From the line containing "Prop) (f : X -> C)" through the last line of the entries below, repeat each line word for word and leave out the rest.

::: SOURCE DATA :::

(* Let $n>k\ge1$ be coprime integers, $\eta$ in the upper half-plane, $\Lambda=\mathbb{Z}+\mathbb{Z}\eta$. For every $m\in\mathbb{Z}$, $\lim_{\tau\to0}R_\tau(m\tau)=\mathrm{sym}_m$, where $\mathrm{sym}_m\in\mathrm{End}(V\otimes V)$ is defined by $\mathrm{sym}_m(v\otimes v')=v\otimes v'-m\,v'\otimes v$ (the limit taken over $\tau\in\mathbb{C}\setminus\frac1n\Lambda$ tending to $0$).
   Context: Write $e(z)=e^{2\pi i z}$ and $\theta(z)=\sum_{m\in\mathbb{Z}}(-1)^m e\big(mz+\tfrac12 m(m-1)\eta\big)$. For $\alpha\in\mathbb{Z}$ put $\theta_\alpha(z)=e\big(\alpha z+\tfrac{\alpha}{2n}+\tfrac{\alpha(\alpha-n)}{2n}\eta\big)\prod_{m=0}^{n-1}\theta\big(z+\tfrac mn+\tfrac{\alpha}{n}\eta\big)$, regarded as indexed by $\alpha\in\mathbb{Z}_n$. Let $V$ be an $n$-dimensional complex vector space with basis $x_i$, $i\in\mathbb{Z}_n$. For $\tau\in\mathbb{C}\setminus\frac1n\Lambda$ and $z\in\mathbb{C}$, define $R_\tau(z)\in\mathrm{End}(V\otimes V)$ by $$R_\tau(z)(x_i\otimes x_j)=\frac{\theta_0(-z)\cdots\theta_{n-1}(-z)}{\theta_1(0)\cdots\theta_{n-1}(0)}\sum_{r\in\mathbb{Z}_n}\frac{\theta_{j-i+r(k-1)}(-z+\tau)}{\theta_{j-i-r}(-z)\,\theta_{kr}(\tau)}\,x_{j-r}\otimes x_{i+r}.$$ *)

From Stdlib Require Import Reals ZArith List.
From Coquelicot Require Export Coquelicot.
Import ListNotations.
Open Scope R_scope.

Definition Cseries (a : nat -> C) : C :=
  (Series (fun p => Re (a p)), Series (fun p => Im (a p))).

Definition Zrange (N : Z) : list Z := map Z.of_nat (seq 0 (Z.to_nat N)).
Definition Csum (l : list Z) (f : Z -> C) : C :=
  fold_right (fun x acc => Cplus (f x) acc) (RtoC 0) l.
Definition Cprod (l : list Z) (f : Z -> C) : C :=
  fold_right (fun x acc => Cmult (f x) acc) (RtoC 1) l.

(* e(z) = exp(2 pi i z) *)
Definition ee (z : C) : C :=
  Cmult (RtoC (exp (- (2 * PI * Im z))))
        (cos (2 * PI * Re z), sin (2 * PI * Re z)).

Definition sgnZ (m : Z) : C := if Z.even m then RtoC 1 else RtoC (-1).

(* theta(z) = sum_{m in Z} (-1)^m e(m z + m(m-1)/2 eta),
   split as the sum over m >= 0 plus the sum over m <= -1. *)
Definition theta_term (eta z : C) (m : Z) : C :=
  Cmult (sgnZ m)
        (ee (Cplus (Cmult (RtoC (IZR m)) z)
                   (Cmult (RtoC (IZR (m * (m - 1)) / 2)) eta))).

Definition theta (eta z : C) : C :=
  Cplus (Cseries (fun p => theta_term eta z (Z.of_nat p)))
        (Cseries (fun p => theta_term eta z (- Z.of_nat (S p)))%Z).

Definition theta_alpha (n : Z) (eta : C) (alpha : Z) (z : C) : C :=
  Cmult
    (ee (Cplus (Cplus (Cmult (RtoC (IZR alpha)) z)
                      (RtoC (IZR alpha / (2 * IZR n))))
               (Cmult (RtoC (IZR (alpha * (alpha - n)) / (2 * IZR n))) eta)))
    (Cprod (Zrange n) (fun m =>
       theta eta (Cplus (Cplus z (RtoC (IZR m / IZR n)))
                        (Cmult (RtoC (IZR alpha / IZR n)) eta)))).

(* theta_alpha indexed by alpha in Z_n: we use the representative in {0..n-1}. *)
Definition thetaZn (n : Z) (eta : C) (alpha : Z) (z : C) : C :=
  theta_alpha n eta (alpha mod n)%Z z.

Definition eqmod (n x y : Z) : bool := Z.eqb (x mod n)%Z (y mod n)%Z.

Definition ind (b : bool) : C := if b then RtoC 1 else RtoC 0.

(* Scalar coefficient c_r(z) in R_tau(z)(x_i (x) x_j) = sum_r c_r(z) x_{j-r} (x) x_{i+r}.
   The factor theta_0(-z)...theta_{n-1}(-z) / theta_{j-i-r}(-z) is written with the
   factor theta_{j-i-r}(-z) cancelled (product over beta <> j-i-r mod n). *)
Definition Rcoeff (n k : Z) (eta tau z : C) (i j r : Z) : C :=
  Cmult
    (Cdiv (Cprod (filter (fun beta => negb (eqmod n beta (j - i - r)%Z)) (Zrange n))
                 (fun beta => thetaZn n eta beta (Copp z)))
          (Cprod (map Z.succ (Zrange (n - 1))) (fun beta => thetaZn n eta beta (RtoC 0))))
    (Cdiv (thetaZn n eta (j - i + r * (k - 1))%Z (Cplus (Copp z) tau))
          (thetaZn n eta (k * r)%Z tau)).

(* Matrix entry of R_tau(z) in the basis x_a (x) x_b of V (x) V:
   coefficient of x_a (x) x_b in R_tau(z)(x_i (x) x_j). Indices are taken mod n. *)
Definition Rmat (n k : Z) (eta tau z : C) (i j a b : Z) : C :=
  Csum (Zrange n) (fun r =>
    Cmult (Rcoeff n k eta tau z i j r)
          (ind (eqmod n a (j - r)%Z && eqmod n b (i + r)%Z))).

Definition symmat (n m : Z) (i j a b : Z) : C :=
  Cminus (ind (eqmod n a i && eqmod n b j))
         (Cmult (RtoC (IZR m)) (ind (eqmod n a j && eqmod n b i))).

Definition in_lattice_n (n : Z) (eta tau : C) : Prop :=
  exists p q : Z,
    tau = Cmult (RtoC (/ IZR n)) (Cplus (RtoC (IZR p)) (Cmult (RtoC (IZR q)) eta)).

(** Along [z = m tau], every coefficient of [R_tau(m tau)] is built from values
    [theta_beta(c tau)], [c] in [{-m, 1-m, 1}], and the constant [theta_1(0) ... theta_(n-1)(0)].
    As [tau -> 0] each [theta_beta] with [beta <> 0 (mod n)] tends to a nonzero value
    (for [beta = k r] this uses [gcd(n, k) = 1]), whereas [theta_0] has a simple zero at [0]:
    [theta(z) = (e(z) - 1) h(z)] ([h = theta_quot]) with [h(0) <> 0], so [theta_0(a tau) / theta_0(tau) -> a].
    Counting the factors [theta_0] in numerator and denominator gives the limits
    [1], [1 - m], [-m] and [0], i.e. the entries of [sym_m].
    The needed nonvanishing of [theta] comes from the Jacobi triple product: the finite identity
    [prod_(k<N) (1 - x q^k)(1 - x^-1 q^(k+1)) = sum_m [2N; N+m]_q (-1)^m q^(m(m-1)/2) x^m],
    passed to the limit by dominated convergence, bounds [|theta(w)|] from below by a positive
    multiple of [|1 - e(w)|] on every circle [|e(w)| = rho] with [|q| < rho < 1/|q|]. *)

From Pilot Require Import Defs.
From Stdlib Require Import Reals ZArith List Lia Lra.
From Coquelicot Require Import Coquelicot.
Open Scope R_scope.

Ltac C_by_parts :=
  apply injective_projections; unfold Cminus, Cplus, Cmult, Copp, RtoC, Re, Im; simpl;
  first [ring | (unfold Rdiv; ring) | field].

Lemma Cmod_le_Rabs_Re_Im (z : C) : Cmod z <= Rabs (Re z) + Rabs (Im z).
Proof.
  destruct z as [a b]; unfold Cmod; simpl.
  pose proof (Rabs_pos a); pose proof (Rabs_pos b).
  rewrite <- (sqrt_square (Rabs a + Rabs b)) by lra.
  apply sqrt_le_1; [nra | nra |].
  pose proof (Rsqr_abs a); pose proof (Rsqr_abs b). unfold Rsqr in *. nra.
Qed.

Lemma Rabs_Im_le_Cmod (z : C) : Rabs (Im z) <= Cmod z.
Proof.
  pose proof (Rmax_Cmod z). pose proof (Rmax_r (Rabs (Re z)) (Rabs (Im z))).
  destruct z; simpl in *. lra.
Qed.

Lemma Cmod_one_minus_ge (z : C) : 1 - Cmod z <= Cmod (1 - z).
Proof.
  pose proof (Cmod_triangle (1 - z) z) as H.
  replace (1 - z + z)%C with (RtoC 1) in H by ring. rewrite Cmod_1 in H. lra.
Qed.

Lemma Cmod_one_minus_le (z : C) : Cmod (1 - z) <= 1 + Cmod z.
Proof. pose proof (Cmod_triangle 1 (- z)) as H. rewrite Cmod_1, Cmod_opp in H. exact H. Qed.

Lemma exp_le x y : x <= y -> exp x <= exp y.
Proof. intros [H|H]; [left; apply exp_increasing | subst]; lra. Qed.

Lemma exp_mult_INR x p : exp (x * INR p) = exp x ^ p.
Proof.
  induction p as [|p IH]; [simpl; rewrite Rmult_0_r; apply exp_0|].
  rewrite S_INR, <- tech_pow_Rmult, <- IH, <- exp_plus. f_equal; ring.
Qed.

Lemma Cmod_ee z : Cmod (ee z) = exp (- (2 * PI * Im z)).
Proof.
  unfold ee. rewrite Cmod_mult, Cmod_R, Rabs_pos_eq by (left; apply exp_pos).
  unfold Cmod; simpl. pose proof (sin2_cos2 (2 * PI * Re z)) as Hsc. unfold Rsqr in Hsc.
  rewrite !Rmult_1_r, Rplus_comm, Hsc, sqrt_1. ring.
Qed.

Lemma ee_neq0 z : ee z <> 0.
Proof.
  intro E. pose proof (Cmod_ee z) as H. rewrite E, Cmod_0 in H.
  pose proof (exp_pos (- (2 * PI * Im z))). lra.
Qed.

Lemma ee_plus u v : ee (u + v) = (ee u * ee v)%C.
Proof.
  destruct u as [a b], v as [c d]. unfold ee; simpl.
  replace (- (2 * PI * (b + d))) with (- (2 * PI * b) + - (2 * PI * d)) by ring.
  replace (2 * PI * (a + c)) with (2 * PI * a + 2 * PI * c) by ring.
  rewrite exp_plus, cos_plus, sin_plus. C_by_parts.
Qed.

Lemma ee_0 : ee 0 = 1.
Proof.
  unfold ee; simpl. rewrite Rmult_0_r, Ropp_0, exp_0, cos_0, sin_0. C_by_parts.
Qed.

Lemma ee_opp u : ee (- u) = (/ ee u)%C.
Proof.
  assert (E : (ee (- u) * ee u)%C = 1).
  { rewrite <- ee_plus. replace (- u + u)%C with (RtoC 0) by ring. apply ee_0. }
  rewrite <- (Cmult_1_l (/ ee u)), <- E. field. apply ee_neq0.
Qed.

Lemma ee_eq1_Im w : ee w = 1 -> Im w = 0.
Proof.
  intro E. pose proof (Cmod_ee w) as H. rewrite E, Cmod_1, <- exp_0 in H.
  apply exp_inv in H. pose proof PI_RGT_0. nra.
Qed.

Lemma ee_real w : Im w = 0 -> ee w = (cos (2 * PI * Re w), sin (2 * PI * Re w)).
Proof. intro H. unfold ee. rewrite H, Rmult_0_r, Ropp_0, exp_0. C_by_parts. Qed.

Lemma ee_neq1_Im_pos w : 0 < Im w -> ee w <> 1.
Proof. intros H E. apply ee_eq1_Im in E. lra. Qed.

Lemma ee_neq1_real w : Im w = 0 -> 0 < Re w < 1 -> ee w <> 1.
Proof.
  intros HI HR E. rewrite ee_real in E by exact HI.
  injection E as Ecos Esin. pose proof PI_RGT_0.
  destruct (sin_eq_O_2PI_0 (2 * PI * Re w)) as [A|[A|A]]; try nra.
  rewrite A, cos_PI in Ecos. lra.
Qed.

Lemma ee_neq1_small w : Cmod w < 1/4 -> w <> 0 -> ee w <> 1.
Proof.
  intros Hw Hn E. pose proof (ee_eq1_Im w E) as HI.
  rewrite ee_real in E by exact HI. injection E as _ Esin.
  pose proof (re_le_Cmod w). pose proof PI_RGT_0.
  destruct (Rtotal_order (Re w) 0) as [Hl|[He|Hg]].
  - assert (0 < sin (- (2 * PI * Re w))) by (apply sin_gt_0; unfold Rabs in *; destruct Rcase_abs; nra).
    rewrite sin_neg in H1. lra.
  - apply Hn. destruct w; simpl in *; subst. reflexivity.
  - assert (0 < sin (2 * PI * Re w)) by (apply sin_gt_0; unfold Rabs in *; destruct Rcase_abs; nra).
    lra.
Qed.

Definition Clim {X} (F : (X -> Prop) -> Prop) (f : X -> C) (L : C) :=
  forall eps, 0 < eps -> F (fun y => Cmod (f y - L) < eps).

Definition Rlim {X} (F : (X -> Prop) -> Prop) (f : X -> R) (L : R) :=
  forall eps, 0 < eps -> F (fun y => Rabs (f y - L) < eps).

Definition cnbhd (z0 : C) (P : C -> Prop) :=
  exists d, 0 < d /\ forall z, Cmod (z - z0) < d -> P z.

Definition Ccontinuous (f : C -> C) (z0 : C) := Clim (cnbhd z0) f (f z0).

#[global] Instance cnbhd_filter z0 : Filter (cnbhd z0).
Proof.
  constructor.
  - exists 1; split; [lra | auto].
  - intros P Q [d1 [H1 P1]] [d2 [H2 P2]]. exists (Rmin d1 d2); split; [apply Rmin_pos; auto|].
    intros z Hz. pose proof (Rmin_l d1 d2); pose proof (Rmin_r d1 d2).
    split; [apply P1 | apply P2]; lra.
  - intros P Q HPQ [d [Hd HP]]. exists d; split; auto.
Qed.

:::

▸ COMPLETED EXERCISE
Definition Clim {X} (F : (X -> Prop) -> Prop) (f : X -> C) (L : C) :=
  forall eps, 0 < eps -> F (fun y => Cmod (f y - L) < eps).

Definition Rlim {X} (F : (X -> Prop) -> Prop) (f : X -> R) (L : R) :=
  forall eps, 0 < eps -> F (fun y => Rabs (f y - L) < eps).

Definition cnbhd (z0 : C) (P : C -> Prop) :=
  exists d, 0 < d /\ forall z, Cmod (z - z0) < d -> P z.

Definition Ccontinuous (f : C -> C) (z0 : C) := Clim (cnbhd z0) f (f z0).

#[global] Instance cnbhd_filter z0 : Filter (cnbhd z0).
Proof.
  constructor.
  - exists 1; split; [lra | auto].
  - intros P Q [d1 [H1 P1]] [d2 [H2 P2]]. exists (Rmin d1 d2); split; [apply Rmin_pos; auto|].
    intros z Hz. pose proof (Rmin_l d1 d2); pose proof (Rmin_r d1 d2).
    split; [apply P1 | apply P2]; lra.
  - intros P Q HPQ [d [Hd HP]]. exists d; split; auto.
Qed.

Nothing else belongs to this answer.